Task material:
(* Let $m\in\mathbb{N}$ and $\rho\in[2,m-1]$. Then $$t_\rho(\mathbb{Z}_m)=\left\lfloor\frac{m-2}{\rho-1}\right\rfloor+1,\qquad s_\rho(\mathbb{Z}_m)=\max\left\{\frac md\left(\left\lfloor\frac{d-2}{\rho-1}\right\rfloor+1\right): d\mid m,\ d\ge\rho+1\right\}.$$
   Context: Groups are written additively; $\mathbb{Z}_m=\mathbb{Z}/m\mathbb{Z}$. For $A\subseteq G$ let $A_0:=A\cup\{0\}$ and $\langle A\rangle^+_\rho:=\rho A_0=\{a_1+\dots+a_\rho:a_i\in A_0\}$. $\operatorname{diam}^+_A(G):=\min\{\rho\in\mathbb{N}_0:\langle A\rangle^+_\rho=G\}$ ($\min\varnothing=\infty$). The period of $S\subseteq G$ is $\pi(S):=\{g\in G:S+g=S\}$; $S$ is aperiodic if $\pi(S)=\{0\}$. A subset $A\subseteq G$ is $\rho$-maximal if it is maximal under inclusion subject to $\operatorname{diam}^+_A(G)\ge\rho$, i.e. subject to $\langle A\rangle^+_{\rho-1}\neq G$. With the convention $\max\varnothing=0$: $s_\rho(G):=\max\{|A|: A\subseteq G,\ \rho\le\operatorname{diam}^+_A(G)<\infty\}$ and $t_\rho(G):=\max\{|A|: A \text{ is an aperiodic } \rho\text{-maximal generating set for } G\}$. *)

From HB Require Import structures.
From mathcomp Require Import all_boot all_order all_algebra all_fingroup.
From Stdlib Require Import ClassicalEpsilon.
Set Implicit Arguments. Unset Strict Implicit. Unset Printing Implicit Defensive.
Import GRing.Theory.

Section Defs.
Variable m : nat.
Local Notation G := 'Z_m.

Definition A0 (A : {set G}) : {set G} := A :|: [set 0%R].

Definition sumset (S T : {set G}) : {set G} := [set (x + y)%R | x in S, y in T].

Definition rsum (A : {set G}) (rho : nat) : {set G} :=
  iter rho (fun S => sumset S (A0 A)) [set 0%R].

(* diam^+_A(G) >= rho, where diam = min {rho | <A>_rho = G}, min ∅ = ∞ *)
Definition diam_ge (A : {set G}) (rho : nat) : bool :=
  [forall n : 'I_rho, rsum A n != [set: G]].

Definition diam_fin (A : {set G}) : Prop := exists n, rsum A n = [set: G].

Definition diam_finb (A : {set G}) : bool :=
  if excluded_middle_informative (diam_fin A) then true else false.

Definition period (S : {set G}) : {set G} :=
  [set g | [set (x + g)%R | x in S] == S].

Definition aperiodic (S : {set G}) : bool := period S == [set 0%R].

Definition rho_maximal (rho : nat) (A : {set G}) : bool :=
  maxset (fun B => diam_ge B rho) A.

Definition generating (A : {set G}) : bool := (<<A>>%g == [set: G]).

(* s_rho(G) = max{|A| : rho <= diam < ∞}, max ∅ = 0 *)
Definition s_rho (rho : nat) : nat :=
  \max_(A : {set G} | diam_ge A rho && diam_finb A) #|A|.

Definition t_rho (rho : nat) : nat :=
  \max_(A : {set G} | [&& aperiodic A, rho_maximal rho A & generating A]) #|A|.
End Defs.

(* Kneser's inequality |A| + |B| <= |A + B| + |stab (A + B)|, proved by induction
   on |B| through Dyson e-transforms, applied along the chain of sumsets k A_0
   gives, for a rho-maximal B and P := stab ((rho - 1) B),
     1 + (rho - 1) |B| <= |(rho - 1) B| + (rho - 1) |P|,
   while maximality forces B + P = B. Hence |P| divides |B|, |(rho - 1) B| and m,
   and dividing by |P| yields both upper bounds with d = m / |P|. They are attained
   by the sets {x | x mod d < k}, k = (d - 2) / (rho - 1) + 1; for d = m every
   rho-maximal superset is aperiodic, because its (rho - 1)-fold sumset contains
   an interval of more than m / 2 elements but is not all of Z_m. *)

From mathcomp Require Import all_boot all_order all_algebra all_fingroup zify.
From Stdlib Require Import ClassicalEpsilon.
Set Implicit Arguments. Unset Strict Implicit. Unset Printing Implicit Defensive.
Import GRing.Theory.

Section Stabilizer.
Variable V : finZmodType.
Local Open Scope ring_scope.
Implicit Types (A B S T X Y : {set V}) (g h x y z : V).

Definition shift S g := [set x + g | x in S].
Definition addset S T := [set x + y | x in S, y in T].
Definition stab S := [set g | shift S g == S].
Definition weight S := (#|S| + #|stab S|)%N.

Lemma card_shift S g : #|shift S g| = #|S|.
Proof. by rewrite card_imset //; apply: addIr. Qed.

Lemma mem_shift S g x : (x \in shift S g) = (x - g \in S).
Proof.
apply/imsetP/idP => [[y yS ->]|xS]; first by rewrite addrK.
by exists (x - g) => //; rewrite subrK.
Qed.

Lemma stabP S g : reflect (forall x, x \in S -> x + g \in S) (g \in stab S).
Proof.
rewrite inE; apply: (iffP idP) => [/eqP E x xS|H].
  by rewrite -E; apply/imsetP; exists x.
rewrite eqEcard card_shift leqnn andbT; apply/subsetP => y /imsetP[x xS ->].
exact: H.
Qed.
(* Assume (H) and (U), and the stationary case. Let $x>0$ and let $a_x\in[-x/\bar z,x/\underline z]$ be a maximizer in $v(x)=\sup_{a\in[-x/\bar z,x/\underline z]}\hat v(x,a)$. Then $D^+v(x)\subseteq D^+_x\hat v(x,a_x)$, where $D^+_x\hat v(x,a_x)$ denotes the superdifferential of the function $y\mapsto\hat v(y,a_x)$ on $[l(a_x),\infty)$ at the point $x$.
   Context: Standing setup. Fix constants $\lambda>0$, $\rho>0$. On a filtered probability space $(\Omega,\mathcal F,(\mathcal F_t)_{t\ge0},\mathbb P)$ let $0=\tau_0<\tau_1<\tau_2<\cdots$ be random times and $(Z_k)_{k\ge1}$ random variables with values in $(-1,\infty)$. Assumption (H): (a) $(\tau_k)_{k\ge1}$ are the jump times of a Poisson process with intensity $\lambda$; (b) for each $k\ge1$, conditionally on $\tau_k-\tau_{k-1}=t$, $Z_k$ is independent of $\{\tau_i,Z_i\}_{i<k}$ and has law $p(t,dz)$, where for every $t\ge0$ the support of $p(t,dz)$ is either an interval with interior $(-\underline z,\bar z)$ or a finite set with smallest element $-\underline z$ and largest element $\bar z$, with $\underline z\in(0,1]$, $\bar z\in(0,\infty]$ ($\bar z<\infty$ in the finite case); (c) $\int z\,p(t,dz)\ge 0$ and $\int(1+z)\,p(t,dz)\le k e^{bt}$ for all $t\ge0$, for some constants $k,b\ge0$; (d) $t\mapsto\int w(z)\,p(t,dz)$ is continuous on $[0,\infty)$ for every measurable $w$ on $(-\underline z,\bar z)$ with linear growth. Assumption (U): $U:[0,\infty)\to\mathbb R$ is strictly increasing, strictly concave, $C^1$ on $(0,\infty)$, $U(0)=0$, $U'(0^+)=+\infty$, $U'(+\infty)=0$, $U(x)\le K_1x^\gamma$ for all $x\ge0$ for some $K_1>0$, $\gamma\in(0,1)$, and $\rho>b\gamma+\lambda(k^\gamma\underline z^{-\gamma}-1)$. Original problem: $\mathcal G_t=\sigma\{(\tau_k,Z_k):\tau_k\le t\}$. A control $(\alpha,c)$ consists of real $\alpha_k$, $k\ge1$, with $\alpha_k$ $\mathcal G_{\tau_{k-1}}$-measurable, and a nonnegative $(\mathcal G_t)$-predictable process $c$. For $x\ge0$ the wealth is $X^x_0=x$, $X^x_k=x-\int_0^{\tau_k}c_t\,dt+\sum_{i=1}^k\alpha_iZ_i$; $(\alpha,c)\in\mathcal A(x)$ if $X^x_k\ge0$ a.s. for all $k\ge1$. $v(x)=\sup_{(\alpha,c)\in\mathcal A(x)}\mathbb E\int_0^\infty e^{-\rho t}U(c_t)\,dt$. Auxiliary problem: $l(a)=\max(a\underline z,-a\bar z)$ (with $l(a)=a\underline z$ if $\bar z=\infty$); $A=\mathbb R$ if $\bar z<\infty$ and $A=[0,\infty)$ if $\bar z=\infty$; $\mathcal X=\{(x,a)\in[0,\infty)\times A: x\ge l(a)\}$, $\mathcal D=[0,\infty)\times\mathcal X$; $g(t,x,a)=\lambda\int v(x+az)\,p(t,dz)$. For $(t,x,a)\in\mathcal D$, $\mathcal C_a(t,x)$ is the set of deterministic measurable $c:[t,\infty)\to[0,\infty)$ with $\int_t^s c_u\,du\le x-l(a)$ for all $s\ge t$, with state $Y_s=x-\int_t^s c_u\,du$; $\hat v(t,x,a)=\sup_{c\in\mathcal C_a(t,x)}\int_t^\infty e^{-(\rho+\lambda)(s-t)}[U(c_s)+g(s,Y_s,a)]\,ds$. It is known that $v(x)=\sup_{a\in[-x/\bar z,\,x/\underline z]}\hat v(0,x,a)$ (with $-x/\bar z:=0$ if $\bar z=\infty$). Stationary case: $p(t,dz)=p(dz)$ does not depend on $t$; then $g$ and $\hat v$ do not depend on $t$ and are written $g(x,a)$, $\hat v(x,a)$. Superdifferential: for a continuous real function $u$ on a set $S\subset\mathbb R^n$ and $y\in S$, $D^+u(y)=\{p\in\mathbb R^n:\limsup_{z\in S,z\to y}\frac{u(z)-u(y)-\langle p,z-y\rangle}{|z-y|}\le0\}$. *)

From Stdlib Require Import Reals Lra.
Open Scope R_scope.

(* Upper end of the support: [Some b] means zbar = b < oo, [None] means zbar = +oo. *)
Definition zbar_t := option R.

Definition lfun (zu : R) (zb : zbar_t) (a : R) : R :=
  match zb with
  | Some b => Rmax (a * zu) (- a * b)
  | None => a * zu
  end.

(* a in [-x/zbar, x/zunder], with -x/zbar := 0 when zbar = oo. *)
Definition admissible (zu : R) (zb : zbar_t) (x a : R) : Prop :=
  match zb with
  | Some b => - x / b <= a <= x / zu
  | None => 0 <= a <= x / zu
  end.

(* One-dimensional superdifferential of u on the set S at y:
   p in D^+u(y) iff limsup_{z in S, z -> y} (u z - u y - p (z - y)) / |z - y| <= 0. *)
Definition superdiff (S : R -> Prop) (u : R -> R) (y p : R) : Prop :=
  forall eps : R, 0 < eps -> exists delta : R, 0 < delta /\
    forall z : R, S z -> 0 < Rabs (z - y) < delta ->
      u z - u y - p * (z - y) <= eps * Rabs (z - y).

(* Write u(y) = vhat(y, ax).  Two facts suffice:
   - u lies below v on the domain [l(ax), oo) of u: every y >= l(ax) is
     nonnegative and ax is an admissible exposure at wealth y, so vhat(y, ax)
     is one of the candidates in the supremum defining v(y);
   - u touches v at x, because ax is a maximizer there.
   A function touching another one from below at a point inherits all its
   superdifferentials, on any smaller domain (lemma superdiff_of_touching_below).
   The file first establishes the domain facts about l and admissibility, then
   the comparison of u with v, then the general touching lemma, and finally
   derives the theorem by combining them. *)

From Stdlib Require Import Reals Lra.
Open Scope R_scope.

Lemma Rle_div_of_mult (c a y : R) : 0 < c -> a * c <= y -> a <= y / c.
Proof.
  intros Hc Hay.
  apply (Rmult_le_reg_r c); [exact Hc |].
  unfold Rdiv; rewrite Rmult_assoc, Rinv_l by lra; lra.
Qed.

(* Above the constraint level l(a), an exposure a admissible at some wealth
   stays admissible; admissibility at x is only needed for the sign a >= 0
   when zbar = oo. *)
Lemma admissible_above_lfun (zu : R) (zb : zbar_t) (hzu : 0 < zu)
  (hzb : match zb with Some b => 0 < b | None => True end) (x a y : R) :
  admissible zu zb x a -> lfun zu zb a <= y -> admissible zu zb y a.
Proof.
  destruct zb as [b|]; simpl; intros Hadm Hl.
  - pose proof (Rmax_l (a * zu) (- a * b)) as Hzu_part.
    pose proof (Rmax_r (a * zu) (- a * b)) as Hzb_part.
    split.
    + replace (- y / b) with (- (y / b)) by (unfold Rdiv; ring).
      apply Ropp_le_cancel; rewrite Ropp_involutive.
      apply Rle_div_of_mult; lra.
    + apply Rle_div_of_mult; lra.
  - split; [lra |]. apply Rle_div_of_mult; lra.
Qed.

Lemma admissible_wealth_nonneg (zu : R) (zb : zbar_t) (hzu : 0 < zu)
  (hzb : match zb with Some b => 0 < b | None => True end) (y a : R) :
  admissible zu zb y a -> 0 <= y.
Proof.
  destruct zb as [b|]; simpl; intros [Hlo Hhi].
  - assert (Hsum : 0 <= y / zu + y / b) by lra.
    replace (y / zu + y / b) with (y * (/ zu + / b)) in Hsum
      by (unfold Rdiv; ring).
    assert (0 < / zu + / b) by (pose proof (Rinv_0_lt_compat zu hzu);
                                pose proof (Rinv_0_lt_compat b hzb); lra).
    nra.
  - assert (0 <= y / zu) by lra.
    replace y with (y / zu * zu) by (field; lra). nra.
Qed.

Lemma value_dominates_candidate (zu : R) (zb : zbar_t)
  (v : R -> R) (vhat : R -> R -> R) (y a : R) :
  is_lub (fun r => exists a, admissible zu zb y a /\ r = vhat y a) (v y) ->
  admissible zu zb y a -> vhat y a <= v y.
Proof.
  intros [Hupper _] Hadm. apply Hupper. exists a. split; [exact Hadm | reflexivity].
Qed.

Lemma superdiff_of_touching_below (S S' : R -> Prop) (u w : R -> R) (y p : R) :
  (forall z, S' z -> S z) -> (forall z, S' z -> u z <= w z) -> u y = w y ->
  superdiff S w y p -> superdiff S' u y p.
Proof.
  intros Hsub Hbelow Htouch Hw eps Heps.
  destruct (Hw eps Heps) as [delta [Hdelta Hw_near]].
  exists delta; split; [exact Hdelta |].
  intros z Hz Hdist.
  pose proof (Hbelow z Hz).
  pose proof (Hw_near z (Hsub z Hz) Hdist).
  lra.
Qed.

Theorem lemma4p1
  (zu : R) (zb : zbar_t)
  (hzu : 0 < zu <= 1)
  (hzb : match zb with Some b => 0 < b | None => True end)
  (v : R -> R) (vhat : R -> R -> R)
  (hrep : forall y : R, 0 <= y ->
     is_lub (fun r => exists a, admissible zu zb y a /\ r = vhat y a) (v y))
  (x ax : R) (hx : 0 < x)
  (hax : admissible zu zb x ax) (hmax : vhat x ax = v x) :
  forall p : R, superdiff (fun y => 0 <= y) v x p ->
    superdiff (fun y => lfun zu zb ax <= y) (fun y => vhat y ax) x p.
Proof.
  intros p Hp.
  assert (Hzu : 0 < zu) by lra.
  assert (Hadm : forall y, lfun zu zb ax <= y -> admissible zu zb y ax)
    by (intros y Hy; exact (admissible_above_lfun zu zb Hzu hzb x ax y hax Hy)).
  apply (superdiff_of_touching_below (fun y => 0 <= y) _ _ v x p);
    [| | exact hmax | exact Hp].
  - intros y Hy. exact (admissible_wealth_nonneg zu zb Hzu hzb y ax (Hadm y Hy)).
  - intros y Hy. pose proof (Hadm y Hy) as Hy_adm.
    apply value_dominates_candidate with (zu := zu) (zb := zb); [| exact Hy_adm].
    exact (hrep y (admissible_wealth_nonneg zu zb Hzu hzb y ax Hy_adm)).
Qed.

Required work: Reproduce, please, the lines of the material from its first line down to the line containing "Definition sumset (S", keeping both ends and nothing beyond them.

Solution to the problem:
(* Let $m\in\mathbb{N}$ and $\rho\in[2,m-1]$. Then $$t_\rho(\mathbb{Z}_m)=\left\lfloor\frac{m-2}{\rho-1}\right\rfloor+1,\qquad s_\rho(\mathbb{Z}_m)=\max\left\{\frac md\left(\left\lfloor\frac{d-2}{\rho-1}\right\rfloor+1\right): d\mid m,\ d\ge\rho+1\right\}.$$
   Context: Groups are written additively; $\mathbb{Z}_m=\mathbb{Z}/m\mathbb{Z}$. For $A\subseteq G$ let $A_0:=A\cup\{0\}$ and $\langle A\rangle^+_\rho:=\rho A_0=\{a_1+\dots+a_\rho:a_i\in A_0\}$. $\operatorname{diam}^+_A(G):=\min\{\rho\in\mathbb{N}_0:\langle A\rangle^+_\rho=G\}$ ($\min\varnothing=\infty$). The period of $S\subseteq G$ is $\pi(S):=\{g\in G:S+g=S\}$; $S$ is aperiodic if $\pi(S)=\{0\}$. A subset $A\subseteq G$ is $\rho$-maximal if it is maximal under inclusion subject to $\operatorname{diam}^+_A(G)\ge\rho$, i.e. subject to $\langle A\rangle^+_{\rho-1}\neq G$. With the convention $\max\varnothing=0$: $s_\rho(G):=\max\{|A|: A\subseteq G,\ \rho\le\operatorname{diam}^+_A(G)<\infty\}$ and $t_\rho(G):=\max\{|A|: A \text{ is an aperiodic } \rho\text{-maximal generating set for } G\}$. *)

From HB Require Import structures.
From mathcomp Require Import all_boot all_order all_algebra all_fingroup.
From Stdlib Require Import ClassicalEpsilon.
Set Implicit Arguments. Unset Strict Implicit. Unset Printing Implicit Defensive.
Import GRing.Theory.

Section Defs.
Variable m : nat.
Local Notation G := 'Z_m.

Definition A0 (A : {set G}) : {set G} := A :|: [set 0%R].

Definition sumset (S T : {set G}) : {set G} := [set (x + y)%R | x in S, y in T].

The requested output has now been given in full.